The main reasoning is that Jackson is the type of player who Celtics general manager Danny Ainge likes in the draft. Here’s a quote from an anonymous GM in Ford’s story:
“I’ve picked Danny’s brain for years. Jackson is an Ainge player all the way. Tough, athletic, long, versatile, elite motor. If he’s keeping the pick, Jackson just to me, far and away, is the most Celtics-type player for them to draft. From all my conversations with them, I’m convinced they’ll take Jackson No. 1.”
Jackson hasn’t worked out for Boston yet, and there are currently no plans for him to do so.
Why would the Celtics shock everyone and pick Jackson?
The anonymous general manager is 100 percent right — Jackson is a prototypical Danny Ainge draft pick.
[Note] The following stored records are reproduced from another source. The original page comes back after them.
Lemma trace_split_mx2_upper a r c d b (t : F) :
  c != 0 -> t != 0 -> b - t != 0 -> (t != b - t) || (a * (b - t) + t * d != 0) ->
  trace_split b (mx2 a r c d).
Proof.
set y := b - t => c0 t0 y0 X_ns; set u := (a * y + t * d) / c.
apply: (trace_split_intro (X := mx2 t u 0 y) (Y := mx2 t^-1 (- u / (t * y)) 0 y^-1)).
- by rewrite mx2_mul -mx2_1; congr mx2; field; rewrite ?t0 ?y0.
- by rewrite mx2_trace /y addrC subrK.
- apply: mx2_nonscalar; case/orP: X_ns => [-> | u0]; rewrite ?orbT //.
  by rewrite /u mulf_neq0 ?invr_eq0.
- by rewrite mx2_mul mx2_trace /u; field; rewrite ?t0 ?y0 ?c0.
- by rewrite mx2_mul; apply: mx2_nonscalar; rewrite mul0r add0r mulf_neq0 ?invr_eq0 ?orbT.
Qed.

Lemma trace_split_mx2_char2 a r c (x : F) :
  2 = 0 :> F -> c != 0 -> x + a != 0 -> x ^+ 2 + r * c != 0 ->
  trace_split 0 (mx2 a r c a).
Proof.
set D := x ^+ 2 + r * c => two0 c0 xa0 D0.
apply: (trace_split_intro (X := mx2 x r (- c) x) (Y := mx2 (x / D) (- r / D) (c / D) (x / D))).
- by rewrite mx2_mul -mx2_1; congr mx2; rewrite /D; field; rewrite -/D D0.
- by rewrite mx2_trace -mulr2n -mulr_natr two0 mulr0.
- by apply: mx2_nonscalar; rewrite oppr_eq0 c0 orbT.
- rewrite mx2_mul mx2_trace.
  have -> : x / D * a + - r / D * c + (c / D * r + x / D * a) = x / D * a * 2 by ring.
  by rewrite two0 mulr0.
- rewrite mx2_mul; apply: mx2_nonscalar; apply/orP; right; apply/orP; left.
  have -> : c / D * a + x / D * c = c * (x + a) / D by ring.
  by rewrite mulf_neq0 ?invr_eq0 // mulf_neq0.
Qed.

End TwoByTwo.

Section TraceSplitNonscalar.
Variables (F : fieldType) (F_inf : infinite_type F).

Lemma trace_split_mx2 (a r c d b : F) : c != 0 -> trace_split b (mx2 a r c d).
Proof.
move=> c0; have [two0 | two0] := eqVneq (2 : F) 0; last first.
  have [t] := infinite_notin F_inf [:: 0; b; b / 2].
  rewrite !inE !negb_or => /and3P [t0 tb t_half].
  apply: (trace_split_mx2_upper r c0 t0); first by rewrite subr_eq0 eq_sym.
  apply/orP; left; apply: contraNneq t_half => t_eq.
  by rewrite -[b](subrK t) -t_eq -mulr2n -[t *+ 2]mulr_natr mulfK.
have [b0 | b0] := eqVneq b 0; last first.
  have [t] := infinite_notin F_inf [:: 0; b].
  rewrite !inE negb_or => /andP [t0 tb].
  apply: (trace_split_mx2_upper r c0 t0); first by rewrite subr_eq0 eq_sym.
  apply/orP; left; apply: contraNneq b0 => t_eq.
  by rewrite -[b](subrK t) -t_eq -mulr2n -[t *+ 2]mulr_natr two0 mulr0.
(* Only for [2 = 0], [b = 0] and [a = d] is no upper triangular factor suitable. *)
rewrite b0; have [<- | ad] := eqVneq a d; last first.
  have [t] := infinite_notin F_inf [:: 0]; rewrite inE => t0.
  apply: (trace_split_mx2_upper r c0 t0); first by rewrite sub0r oppr_eq0.
  have -> : a * (0 - t) + t * d = t * (d - a) by ring.
  by rewrite mulf_neq0 ?orbT // subr_eq0 eq_sym.
pose q := ('X + a%:P) * ('X^2 + (r * c)%:P).
have q0 : q != 0 by rewrite mulf_neq0 // monic_neq0 // ?monicXaddC ?monicXnaddC.
have [x] := infinite_nonroot F_inf q0.
rewrite /root !hornerE mulf_eq0 negb_or => /andP [xa0 D0].
exact: trace_split_mx2_char2 two0 c0 xa0 D0.
Qed.

Lemma trace_split_nonscalar m b (M : 'M[F]_(1 + m.+1)) :
  ~~ is_scalar_mx M -> trace_split b M.
Proof.
elim: m b M => [|m IH] b M; rewrite -[M]submxK.
  move=> /similar_block_offdiag [c [sim [c0 | r0]]]; apply: (trace_split_similar sim).
    by rewrite block_mx11; apply: trace_split_mx2; rewrite -mx11_neq0.
  apply: trace_split_tr; rewrite tr_block_mx block_mx11.
  by apply: trace_split_mx2; rewrite mxE -mx11_neq0.
move=> /similar_block_nonscalar_dr [r [c [A [sim A_ns [c0 | r0]]]]].
all: apply: (trace_split_similar sim).
  exact: trace_split_block c0 (IH _ _ A_ns).
apply: trace_split_tr; rewrite tr_block_mx.
by apply: trace_split_block (IH _ _ (nonscalar_tr A_ns)); rewrite trmx_neq0.
Qed.

End TraceSplitNonscalar.

Lemma ordS_neq m (i : 'I_m.+2) : ordS i != i.
Proof.
apply/eqP => /(congr1 val) /=; have := ltn_ord i; rewrite leq_eqVlt => /orP [/eqP iS | iS].
  by rewrite iS modnn => i0; move: iS; rewrite -i0.
by rewrite modn_small // => /eqP; rewrite eqn_leq ltnn.
Qed.

Lemma scalar_mx_zero_diag_factor (F : fieldType) m (s : F) :
  exists X Y : 'M[F]_m.+2, [/\ forall i, X i i = 0, forall i, Y i i = 0 & s%:M = X *m Y].
Proof.
pose P : 'M[F]_m.+2 := perm_mx (perm (@ordS_inj m.+2)).
have P0 i : P i i = 0 by rewrite /P /perm_mx !mxE permE (negbTE (ordS_neq i)).
exists P, (s *: P^T); split => [//|i|].
  by rewrite mxE [_^T _ _]mxE P0 mulr0.
by rewrite -scalemxAr /P tr_perm_mx -perm_mxM mulgV perm_mx1 scalemx1.
Qed.

Theorem theorem4p2 (F : fieldType) (n : nat) (p : {poly F})
  (hF : infinite_type F) (hn : (1 < n)%N) (hp : (1 < size p)%N) :
  forall M : 'M[F]_n, exists X Y : 'M[F]_n,
    in_p_commutators p X /\ in_p_commutators p Y /\ M = X *m Y.
Proof.
case: n hn => [|[|m]] // _ M.
have [/is_scalar_mxP [s ->] | M_ns] := boolP (is_scalar_mx M).
  have [X [Y [X0 Y0 ->]]] := scalar_mx_zero_diag_factor m s.
  by exists X, Y; split; [|split] => //; apply: (in_p_commutators_zero_diag hF hp).
have [X [Xu trX X_ns trY Y_ns]] := trace_split_nonscalar (m := m) hF 0 M_ns.
exists X, (invmx X *m M); split; last split.
- exact: (in_p_commutators_traceless hF hp trX X_ns).
- exact: (in_p_commutators_traceless hF hp trY Y_ns).
- by rewrite mulmxA mulmxV // mul1mx.
Qed.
There’s a lot to like about the 6’8 20-year-old from Kansas, especially his defensive versatility in an increasingly demanding NBA. He has an offensive presence, not a true point forward but possessing strong playmaking skills, and the only major question about his game is his jump shot. To be fair, that’s a big question, but there’s a good chance that Jackson is a solid, starter-caliber player for years even if it doesn’t develop beyond where it is right now.
Drafting Jackson would also avoid the awkwardness of drafting a point guard (Fultz) when you already have an incredible one in Isaiah Thomas.
Why the Celtics won’t do this
But just being an “Ainge-like player” isn’t enough for Ainge to draft Jackson first overall — not when someone as talented as Fultz is staring him in the face. Fultz is a 6’5 dynamic guard with even fewer questions about his game than Jackson, and there’s a reason he has been the consensus top pick for nearly a year now.
It would be one thing for Ainge to gamble on the convention pick for a player whose skill set he prefers. It’s an entirely different thing to do that with the No. 1 overall pick and to do it when their pick last year, Jaylen Brown, is strikingly similar to Jackson.
The Fultz vs. Thomas decision is a tricky one, but it’s not one you can avoid. If Thomas has to be traded — here’s the case for the Celtics moving on from him — then those are the tough decisions you must make as a general manager.
It’s awfully telling that Jackson hasn’t even worked out for Boston, too. If Jackson or his agent truly felt like he had a chance to go No. 1, it would be hard to imagine them not jumping on that opportunity. Going No. 1 is a status symbol and Boston is a contending team, yet Jackson has avoided them completely. The two sides are “in dialogue,” but the lack of a workout reveals a lot.
The likelihood that this happens
I suppose it’s possible that Ainge has a nagging gut feeling that Jackson is his guy, not Fultz, and selects him in a moment of impulsiveness. Or something like that.
But this isn’t going to happen. I’ll say there’s a one out of 10 likelihood that Jackson goes first over Fultz. There’s just too much that doesn’t make sense.